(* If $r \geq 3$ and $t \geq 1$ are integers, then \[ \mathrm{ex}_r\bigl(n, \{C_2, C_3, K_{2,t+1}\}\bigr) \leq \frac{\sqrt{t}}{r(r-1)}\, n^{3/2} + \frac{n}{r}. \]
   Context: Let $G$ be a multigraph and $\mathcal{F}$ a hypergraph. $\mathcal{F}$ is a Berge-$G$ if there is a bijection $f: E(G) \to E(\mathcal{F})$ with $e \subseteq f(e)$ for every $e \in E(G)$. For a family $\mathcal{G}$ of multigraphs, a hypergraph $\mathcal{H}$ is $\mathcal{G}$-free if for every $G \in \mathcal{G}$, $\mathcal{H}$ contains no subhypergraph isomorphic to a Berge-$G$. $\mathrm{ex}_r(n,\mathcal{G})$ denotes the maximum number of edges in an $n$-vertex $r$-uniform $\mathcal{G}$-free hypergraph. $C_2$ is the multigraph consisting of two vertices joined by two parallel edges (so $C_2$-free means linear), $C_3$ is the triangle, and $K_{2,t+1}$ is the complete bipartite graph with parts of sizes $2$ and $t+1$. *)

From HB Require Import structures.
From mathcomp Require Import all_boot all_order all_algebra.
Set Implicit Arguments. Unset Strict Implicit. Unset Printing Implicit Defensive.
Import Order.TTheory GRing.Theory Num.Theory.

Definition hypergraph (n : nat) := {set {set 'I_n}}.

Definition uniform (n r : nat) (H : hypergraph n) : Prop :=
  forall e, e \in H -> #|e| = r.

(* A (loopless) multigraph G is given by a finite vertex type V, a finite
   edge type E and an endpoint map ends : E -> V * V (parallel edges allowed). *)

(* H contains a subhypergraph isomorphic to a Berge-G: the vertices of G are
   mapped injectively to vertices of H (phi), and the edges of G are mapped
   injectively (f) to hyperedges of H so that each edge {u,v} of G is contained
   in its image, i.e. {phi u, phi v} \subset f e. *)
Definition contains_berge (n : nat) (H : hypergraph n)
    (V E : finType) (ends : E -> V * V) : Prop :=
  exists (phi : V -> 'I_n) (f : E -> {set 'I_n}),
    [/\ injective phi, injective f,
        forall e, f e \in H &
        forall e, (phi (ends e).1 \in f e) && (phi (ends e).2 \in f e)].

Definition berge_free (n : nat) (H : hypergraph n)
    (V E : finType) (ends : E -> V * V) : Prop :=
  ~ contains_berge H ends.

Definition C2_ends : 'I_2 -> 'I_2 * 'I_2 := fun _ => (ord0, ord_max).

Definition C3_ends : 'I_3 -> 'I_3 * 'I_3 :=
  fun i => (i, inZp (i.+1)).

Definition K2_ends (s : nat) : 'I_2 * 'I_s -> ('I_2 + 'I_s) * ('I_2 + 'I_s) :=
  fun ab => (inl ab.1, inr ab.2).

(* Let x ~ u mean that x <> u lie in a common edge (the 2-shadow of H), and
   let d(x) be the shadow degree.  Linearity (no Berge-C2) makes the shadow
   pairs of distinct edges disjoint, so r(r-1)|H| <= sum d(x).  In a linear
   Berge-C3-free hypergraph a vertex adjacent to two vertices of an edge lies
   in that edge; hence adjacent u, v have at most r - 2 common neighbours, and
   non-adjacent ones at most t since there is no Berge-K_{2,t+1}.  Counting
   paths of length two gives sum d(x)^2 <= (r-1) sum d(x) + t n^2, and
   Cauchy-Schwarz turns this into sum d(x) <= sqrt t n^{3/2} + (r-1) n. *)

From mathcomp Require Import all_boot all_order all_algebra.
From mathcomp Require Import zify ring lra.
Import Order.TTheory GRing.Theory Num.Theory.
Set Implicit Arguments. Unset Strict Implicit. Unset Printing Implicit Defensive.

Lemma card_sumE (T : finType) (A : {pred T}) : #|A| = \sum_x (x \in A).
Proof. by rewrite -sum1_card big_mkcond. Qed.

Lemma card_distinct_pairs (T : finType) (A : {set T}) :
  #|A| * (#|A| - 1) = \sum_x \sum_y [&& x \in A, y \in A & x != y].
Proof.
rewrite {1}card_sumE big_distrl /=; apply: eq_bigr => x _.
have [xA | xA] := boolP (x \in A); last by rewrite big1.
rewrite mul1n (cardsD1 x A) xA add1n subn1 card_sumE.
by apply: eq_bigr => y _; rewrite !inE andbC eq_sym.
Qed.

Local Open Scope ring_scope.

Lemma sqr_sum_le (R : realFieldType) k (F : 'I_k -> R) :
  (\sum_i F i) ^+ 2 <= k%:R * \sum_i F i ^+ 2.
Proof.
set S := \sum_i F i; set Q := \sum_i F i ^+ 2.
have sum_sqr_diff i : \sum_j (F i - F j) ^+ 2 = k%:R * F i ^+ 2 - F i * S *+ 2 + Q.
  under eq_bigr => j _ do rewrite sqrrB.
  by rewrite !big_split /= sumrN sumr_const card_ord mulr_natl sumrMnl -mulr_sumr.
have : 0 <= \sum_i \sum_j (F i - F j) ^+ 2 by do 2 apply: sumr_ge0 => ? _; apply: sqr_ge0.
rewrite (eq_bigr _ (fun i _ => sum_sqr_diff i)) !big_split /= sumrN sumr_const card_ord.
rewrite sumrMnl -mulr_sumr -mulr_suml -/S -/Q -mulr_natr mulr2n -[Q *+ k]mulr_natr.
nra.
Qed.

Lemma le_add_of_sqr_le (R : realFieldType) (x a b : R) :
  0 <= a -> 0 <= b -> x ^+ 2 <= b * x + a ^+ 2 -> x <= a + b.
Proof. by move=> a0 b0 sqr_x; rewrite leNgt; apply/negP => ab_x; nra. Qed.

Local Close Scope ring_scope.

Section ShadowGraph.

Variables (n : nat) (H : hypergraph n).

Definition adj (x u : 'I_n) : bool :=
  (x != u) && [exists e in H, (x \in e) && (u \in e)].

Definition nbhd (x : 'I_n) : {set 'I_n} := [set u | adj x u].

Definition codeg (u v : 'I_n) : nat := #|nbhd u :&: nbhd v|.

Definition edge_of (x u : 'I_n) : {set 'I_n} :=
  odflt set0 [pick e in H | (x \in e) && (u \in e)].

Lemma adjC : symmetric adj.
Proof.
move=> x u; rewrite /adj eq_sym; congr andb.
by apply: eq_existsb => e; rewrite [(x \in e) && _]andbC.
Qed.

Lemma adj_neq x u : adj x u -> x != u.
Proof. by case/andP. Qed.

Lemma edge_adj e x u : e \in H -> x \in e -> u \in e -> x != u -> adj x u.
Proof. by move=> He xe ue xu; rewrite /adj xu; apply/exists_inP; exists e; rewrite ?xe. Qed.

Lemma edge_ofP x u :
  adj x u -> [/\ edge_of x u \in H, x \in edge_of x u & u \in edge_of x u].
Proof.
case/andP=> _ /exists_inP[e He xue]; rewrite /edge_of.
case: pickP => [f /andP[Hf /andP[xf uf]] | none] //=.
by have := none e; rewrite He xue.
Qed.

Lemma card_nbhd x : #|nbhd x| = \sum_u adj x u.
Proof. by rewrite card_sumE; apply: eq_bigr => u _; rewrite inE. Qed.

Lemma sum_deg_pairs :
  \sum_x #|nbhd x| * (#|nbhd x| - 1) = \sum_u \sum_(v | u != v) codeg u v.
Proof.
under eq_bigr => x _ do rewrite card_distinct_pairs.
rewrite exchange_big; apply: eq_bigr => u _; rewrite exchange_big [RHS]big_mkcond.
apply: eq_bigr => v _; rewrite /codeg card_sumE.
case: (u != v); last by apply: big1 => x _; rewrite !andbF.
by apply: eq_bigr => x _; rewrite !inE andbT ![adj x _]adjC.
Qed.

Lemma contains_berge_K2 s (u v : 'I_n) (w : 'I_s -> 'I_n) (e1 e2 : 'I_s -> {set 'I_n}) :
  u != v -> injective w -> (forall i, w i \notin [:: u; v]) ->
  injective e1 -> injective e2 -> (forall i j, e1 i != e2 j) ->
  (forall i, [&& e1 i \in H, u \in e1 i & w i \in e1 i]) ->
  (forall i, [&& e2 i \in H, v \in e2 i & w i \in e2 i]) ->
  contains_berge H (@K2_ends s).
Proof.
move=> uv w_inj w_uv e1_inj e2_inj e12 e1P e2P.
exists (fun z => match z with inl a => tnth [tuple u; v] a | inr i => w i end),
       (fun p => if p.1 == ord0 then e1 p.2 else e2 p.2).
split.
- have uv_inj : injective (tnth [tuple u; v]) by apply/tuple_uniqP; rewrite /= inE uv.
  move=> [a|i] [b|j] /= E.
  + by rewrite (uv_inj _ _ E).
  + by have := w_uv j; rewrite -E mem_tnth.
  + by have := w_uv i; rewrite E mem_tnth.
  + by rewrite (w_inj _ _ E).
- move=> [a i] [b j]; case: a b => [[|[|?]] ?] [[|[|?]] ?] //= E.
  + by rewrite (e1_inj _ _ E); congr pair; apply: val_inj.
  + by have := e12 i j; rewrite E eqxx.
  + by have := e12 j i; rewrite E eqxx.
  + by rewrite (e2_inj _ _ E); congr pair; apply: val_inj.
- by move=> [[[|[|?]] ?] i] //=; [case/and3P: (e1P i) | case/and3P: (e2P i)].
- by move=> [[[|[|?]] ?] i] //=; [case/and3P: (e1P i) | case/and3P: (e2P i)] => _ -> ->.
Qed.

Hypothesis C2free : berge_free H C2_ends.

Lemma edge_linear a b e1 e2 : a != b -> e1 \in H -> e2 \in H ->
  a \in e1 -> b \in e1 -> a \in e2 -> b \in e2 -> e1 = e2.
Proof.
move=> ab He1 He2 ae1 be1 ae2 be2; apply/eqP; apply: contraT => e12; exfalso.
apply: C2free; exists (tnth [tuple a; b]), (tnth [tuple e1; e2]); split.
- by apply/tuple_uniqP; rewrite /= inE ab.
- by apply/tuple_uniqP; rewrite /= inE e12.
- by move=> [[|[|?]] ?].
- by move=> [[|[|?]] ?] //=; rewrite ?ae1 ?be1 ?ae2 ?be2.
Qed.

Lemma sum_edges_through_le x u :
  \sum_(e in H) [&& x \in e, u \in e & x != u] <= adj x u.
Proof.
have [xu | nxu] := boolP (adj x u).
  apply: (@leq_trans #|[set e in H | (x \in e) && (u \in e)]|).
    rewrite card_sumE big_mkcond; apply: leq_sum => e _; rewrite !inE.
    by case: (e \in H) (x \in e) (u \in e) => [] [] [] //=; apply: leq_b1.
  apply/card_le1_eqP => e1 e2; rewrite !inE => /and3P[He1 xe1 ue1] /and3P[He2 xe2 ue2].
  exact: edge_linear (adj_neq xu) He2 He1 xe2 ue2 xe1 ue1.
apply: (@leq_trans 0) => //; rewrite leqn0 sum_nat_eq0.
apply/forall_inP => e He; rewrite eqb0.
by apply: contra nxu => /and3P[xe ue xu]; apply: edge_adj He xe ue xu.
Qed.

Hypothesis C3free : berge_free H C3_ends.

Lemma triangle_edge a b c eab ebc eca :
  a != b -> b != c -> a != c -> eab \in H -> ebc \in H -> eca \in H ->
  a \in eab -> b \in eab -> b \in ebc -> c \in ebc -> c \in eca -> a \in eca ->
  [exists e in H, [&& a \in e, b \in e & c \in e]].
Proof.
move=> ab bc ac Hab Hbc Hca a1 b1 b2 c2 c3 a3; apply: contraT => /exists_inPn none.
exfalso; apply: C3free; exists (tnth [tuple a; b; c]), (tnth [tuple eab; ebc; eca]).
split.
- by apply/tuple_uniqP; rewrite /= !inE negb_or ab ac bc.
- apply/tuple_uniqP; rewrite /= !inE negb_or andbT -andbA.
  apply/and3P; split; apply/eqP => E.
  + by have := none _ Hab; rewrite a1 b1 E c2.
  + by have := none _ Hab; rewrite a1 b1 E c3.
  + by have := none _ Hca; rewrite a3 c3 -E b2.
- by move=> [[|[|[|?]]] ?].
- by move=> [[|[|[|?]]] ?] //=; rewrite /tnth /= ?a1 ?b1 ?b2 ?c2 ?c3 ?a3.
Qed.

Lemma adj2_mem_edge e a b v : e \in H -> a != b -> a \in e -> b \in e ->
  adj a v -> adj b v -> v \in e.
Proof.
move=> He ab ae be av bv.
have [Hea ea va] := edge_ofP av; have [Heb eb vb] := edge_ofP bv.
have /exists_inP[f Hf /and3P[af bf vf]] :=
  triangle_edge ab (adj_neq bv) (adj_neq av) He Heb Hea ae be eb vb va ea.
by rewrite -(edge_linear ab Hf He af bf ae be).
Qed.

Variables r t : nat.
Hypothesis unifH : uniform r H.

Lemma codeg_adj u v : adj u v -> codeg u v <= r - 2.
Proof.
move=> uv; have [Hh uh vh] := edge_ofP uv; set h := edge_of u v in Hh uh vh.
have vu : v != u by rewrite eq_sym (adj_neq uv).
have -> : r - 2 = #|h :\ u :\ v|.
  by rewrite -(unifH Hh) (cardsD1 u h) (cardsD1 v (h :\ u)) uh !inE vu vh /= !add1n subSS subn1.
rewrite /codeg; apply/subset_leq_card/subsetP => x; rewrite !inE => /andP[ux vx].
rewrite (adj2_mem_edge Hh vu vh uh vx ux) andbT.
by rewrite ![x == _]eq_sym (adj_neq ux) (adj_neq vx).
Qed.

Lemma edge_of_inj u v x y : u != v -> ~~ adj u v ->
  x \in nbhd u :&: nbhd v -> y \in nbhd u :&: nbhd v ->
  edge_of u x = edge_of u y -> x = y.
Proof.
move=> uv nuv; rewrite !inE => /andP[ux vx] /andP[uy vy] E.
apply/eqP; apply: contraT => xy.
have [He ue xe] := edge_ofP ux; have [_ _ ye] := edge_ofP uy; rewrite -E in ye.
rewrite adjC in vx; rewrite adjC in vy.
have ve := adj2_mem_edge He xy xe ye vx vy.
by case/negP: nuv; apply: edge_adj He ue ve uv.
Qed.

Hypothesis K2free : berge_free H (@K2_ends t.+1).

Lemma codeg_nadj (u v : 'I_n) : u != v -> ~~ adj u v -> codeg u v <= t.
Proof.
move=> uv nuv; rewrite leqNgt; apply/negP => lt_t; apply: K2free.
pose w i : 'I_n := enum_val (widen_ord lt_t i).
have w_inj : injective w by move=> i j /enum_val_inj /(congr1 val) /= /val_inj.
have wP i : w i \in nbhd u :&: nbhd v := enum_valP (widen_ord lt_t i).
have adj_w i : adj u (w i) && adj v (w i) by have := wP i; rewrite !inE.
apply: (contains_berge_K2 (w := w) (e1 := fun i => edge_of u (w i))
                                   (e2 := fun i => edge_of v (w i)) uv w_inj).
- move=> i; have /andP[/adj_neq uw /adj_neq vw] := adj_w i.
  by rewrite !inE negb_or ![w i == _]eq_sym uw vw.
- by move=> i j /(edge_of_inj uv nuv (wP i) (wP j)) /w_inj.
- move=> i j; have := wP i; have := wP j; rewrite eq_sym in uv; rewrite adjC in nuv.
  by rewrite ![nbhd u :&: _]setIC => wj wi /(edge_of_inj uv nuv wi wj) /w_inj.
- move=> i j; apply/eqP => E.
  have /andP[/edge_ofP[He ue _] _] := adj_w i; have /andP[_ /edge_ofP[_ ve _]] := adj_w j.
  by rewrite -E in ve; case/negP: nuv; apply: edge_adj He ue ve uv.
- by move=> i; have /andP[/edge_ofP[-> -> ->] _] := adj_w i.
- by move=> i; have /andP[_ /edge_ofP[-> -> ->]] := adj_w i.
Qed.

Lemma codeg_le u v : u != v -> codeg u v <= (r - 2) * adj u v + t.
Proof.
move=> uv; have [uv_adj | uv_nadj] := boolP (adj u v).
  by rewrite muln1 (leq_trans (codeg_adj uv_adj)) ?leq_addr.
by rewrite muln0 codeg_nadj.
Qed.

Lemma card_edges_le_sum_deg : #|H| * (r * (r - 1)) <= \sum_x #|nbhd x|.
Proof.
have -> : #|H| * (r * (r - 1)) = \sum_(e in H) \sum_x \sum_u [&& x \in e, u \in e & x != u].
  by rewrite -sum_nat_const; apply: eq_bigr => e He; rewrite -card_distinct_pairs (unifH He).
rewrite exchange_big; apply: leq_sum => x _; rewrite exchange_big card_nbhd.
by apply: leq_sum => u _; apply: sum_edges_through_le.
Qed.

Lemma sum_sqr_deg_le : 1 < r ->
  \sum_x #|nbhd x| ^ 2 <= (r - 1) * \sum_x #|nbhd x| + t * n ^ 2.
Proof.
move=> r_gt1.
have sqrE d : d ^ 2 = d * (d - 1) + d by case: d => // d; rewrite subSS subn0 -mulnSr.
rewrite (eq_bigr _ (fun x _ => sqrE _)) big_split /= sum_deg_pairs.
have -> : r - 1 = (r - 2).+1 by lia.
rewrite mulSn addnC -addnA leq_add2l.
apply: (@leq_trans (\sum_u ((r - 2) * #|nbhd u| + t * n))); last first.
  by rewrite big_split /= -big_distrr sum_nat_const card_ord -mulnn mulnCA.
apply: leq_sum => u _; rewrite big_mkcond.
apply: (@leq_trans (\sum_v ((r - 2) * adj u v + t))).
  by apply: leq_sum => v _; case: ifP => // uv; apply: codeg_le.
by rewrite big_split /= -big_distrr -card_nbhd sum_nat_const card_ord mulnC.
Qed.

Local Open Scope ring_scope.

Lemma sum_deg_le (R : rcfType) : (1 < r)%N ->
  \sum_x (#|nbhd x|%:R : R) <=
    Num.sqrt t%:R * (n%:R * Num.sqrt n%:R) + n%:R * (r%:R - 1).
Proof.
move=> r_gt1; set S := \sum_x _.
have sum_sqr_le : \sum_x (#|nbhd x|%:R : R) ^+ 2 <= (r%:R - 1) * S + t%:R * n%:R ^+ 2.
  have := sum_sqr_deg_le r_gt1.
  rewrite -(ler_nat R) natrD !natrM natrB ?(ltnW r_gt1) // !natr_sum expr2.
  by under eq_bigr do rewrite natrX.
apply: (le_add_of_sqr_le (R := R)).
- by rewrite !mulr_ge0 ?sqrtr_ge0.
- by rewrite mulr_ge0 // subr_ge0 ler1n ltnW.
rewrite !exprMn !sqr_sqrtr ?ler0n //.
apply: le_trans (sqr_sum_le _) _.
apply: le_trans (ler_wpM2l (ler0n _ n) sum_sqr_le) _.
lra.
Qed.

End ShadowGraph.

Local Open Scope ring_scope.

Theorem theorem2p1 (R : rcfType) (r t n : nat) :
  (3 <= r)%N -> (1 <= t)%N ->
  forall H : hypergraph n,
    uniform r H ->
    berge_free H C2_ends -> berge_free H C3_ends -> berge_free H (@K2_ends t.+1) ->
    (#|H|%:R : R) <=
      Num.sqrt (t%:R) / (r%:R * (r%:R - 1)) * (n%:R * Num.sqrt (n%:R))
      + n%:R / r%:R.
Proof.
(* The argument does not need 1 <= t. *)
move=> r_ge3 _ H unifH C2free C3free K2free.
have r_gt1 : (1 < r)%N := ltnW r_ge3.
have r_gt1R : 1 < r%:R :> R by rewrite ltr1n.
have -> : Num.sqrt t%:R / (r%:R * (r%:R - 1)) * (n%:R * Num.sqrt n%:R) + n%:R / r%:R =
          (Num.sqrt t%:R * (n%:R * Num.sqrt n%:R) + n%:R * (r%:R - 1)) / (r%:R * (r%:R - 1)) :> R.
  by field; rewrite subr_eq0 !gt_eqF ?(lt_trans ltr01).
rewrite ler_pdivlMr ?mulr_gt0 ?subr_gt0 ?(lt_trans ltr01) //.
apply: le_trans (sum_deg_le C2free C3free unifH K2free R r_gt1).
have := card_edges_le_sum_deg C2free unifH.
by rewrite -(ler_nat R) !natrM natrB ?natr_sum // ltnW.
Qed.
● ● ●
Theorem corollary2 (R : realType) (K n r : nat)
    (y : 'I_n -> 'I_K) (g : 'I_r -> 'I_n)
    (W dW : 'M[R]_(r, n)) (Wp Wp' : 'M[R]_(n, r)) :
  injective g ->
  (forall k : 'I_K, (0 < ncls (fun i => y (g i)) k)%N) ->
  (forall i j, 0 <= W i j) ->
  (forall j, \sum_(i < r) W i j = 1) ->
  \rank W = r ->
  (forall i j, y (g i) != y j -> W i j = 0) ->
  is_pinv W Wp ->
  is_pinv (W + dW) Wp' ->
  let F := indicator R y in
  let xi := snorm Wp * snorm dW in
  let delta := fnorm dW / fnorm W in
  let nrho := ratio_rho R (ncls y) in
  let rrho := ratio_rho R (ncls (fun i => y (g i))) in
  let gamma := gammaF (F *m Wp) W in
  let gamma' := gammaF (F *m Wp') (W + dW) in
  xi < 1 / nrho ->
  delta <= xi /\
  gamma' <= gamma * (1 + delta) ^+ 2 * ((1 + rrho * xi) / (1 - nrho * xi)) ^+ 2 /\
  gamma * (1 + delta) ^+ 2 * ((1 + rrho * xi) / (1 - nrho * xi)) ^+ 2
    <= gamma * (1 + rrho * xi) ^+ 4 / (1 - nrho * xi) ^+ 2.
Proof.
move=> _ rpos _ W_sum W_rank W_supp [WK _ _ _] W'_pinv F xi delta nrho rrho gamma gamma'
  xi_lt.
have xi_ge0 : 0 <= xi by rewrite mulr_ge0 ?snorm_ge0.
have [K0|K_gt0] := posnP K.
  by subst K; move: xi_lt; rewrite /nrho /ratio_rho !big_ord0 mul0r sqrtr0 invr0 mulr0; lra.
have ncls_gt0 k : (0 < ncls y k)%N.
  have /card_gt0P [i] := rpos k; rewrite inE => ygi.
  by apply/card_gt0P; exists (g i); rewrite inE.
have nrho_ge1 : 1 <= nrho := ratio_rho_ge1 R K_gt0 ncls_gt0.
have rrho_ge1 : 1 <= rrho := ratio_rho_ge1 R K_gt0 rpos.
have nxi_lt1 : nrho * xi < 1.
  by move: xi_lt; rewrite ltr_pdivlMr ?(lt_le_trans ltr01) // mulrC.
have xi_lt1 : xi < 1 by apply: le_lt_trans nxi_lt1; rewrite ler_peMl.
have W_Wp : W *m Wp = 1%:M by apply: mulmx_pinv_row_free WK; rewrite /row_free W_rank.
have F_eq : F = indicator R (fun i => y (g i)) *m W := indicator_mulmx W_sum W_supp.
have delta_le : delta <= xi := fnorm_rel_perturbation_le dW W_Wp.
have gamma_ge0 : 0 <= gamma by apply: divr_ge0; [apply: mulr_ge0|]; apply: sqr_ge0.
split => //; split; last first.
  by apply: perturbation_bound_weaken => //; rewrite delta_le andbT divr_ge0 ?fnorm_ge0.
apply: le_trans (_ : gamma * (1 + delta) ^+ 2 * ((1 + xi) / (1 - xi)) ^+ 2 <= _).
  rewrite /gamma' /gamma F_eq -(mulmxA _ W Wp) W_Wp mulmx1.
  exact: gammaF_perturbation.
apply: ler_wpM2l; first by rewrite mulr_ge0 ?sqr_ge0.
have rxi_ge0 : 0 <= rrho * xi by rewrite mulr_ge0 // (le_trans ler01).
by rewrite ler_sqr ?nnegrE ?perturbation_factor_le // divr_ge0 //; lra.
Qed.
● ● ●
> **Instructions to follow**
As the answer, set down only the lines from the data above between the one holding "(* If $r \geq" and the one holding "Definition uniform (n", inclusive, exactly as they read.

> **Exercise response**
(* If $r \geq 3$ and $t \geq 1$ are integers, then \[ \mathrm{ex}_r\bigl(n, \{C_2, C_3, K_{2,t+1}\}\bigr) \leq \frac{\sqrt{t}}{r(r-1)}\, n^{3/2} + \frac{n}{r}. \]
   Context: Let $G$ be a multigraph and $\mathcal{F}$ a hypergraph. $\mathcal{F}$ is a Berge-$G$ if there is a bijection $f: E(G) \to E(\mathcal{F})$ with $e \subseteq f(e)$ for every $e \in E(G)$. For a family $\mathcal{G}$ of multigraphs, a hypergraph $\mathcal{H}$ is $\mathcal{G}$-free if for every $G \in \mathcal{G}$, $\mathcal{H}$ contains no subhypergraph isomorphic to a Berge-$G$. $\mathrm{ex}_r(n,\mathcal{G})$ denotes the maximum number of edges in an $n$-vertex $r$-uniform $\mathcal{G}$-free hypergraph. $C_2$ is the multigraph consisting of two vertices joined by two parallel edges (so $C_2$-free means linear), $C_3$ is the triangle, and $K_{2,t+1}$ is the complete bipartite graph with parts of sizes $2$ and $t+1$. *)

From HB Require Import structures.
From mathcomp Require Import all_boot all_order all_algebra.
Set Implicit Arguments. Unset Strict Implicit. Unset Printing Implicit Defensive.
Import Order.TTheory GRing.Theory Num.Theory.

Definition hypergraph (n : nat) := {set {set 'I_n}}.

Definition uniform (n r : nat) (H : hypergraph n) : Prop :=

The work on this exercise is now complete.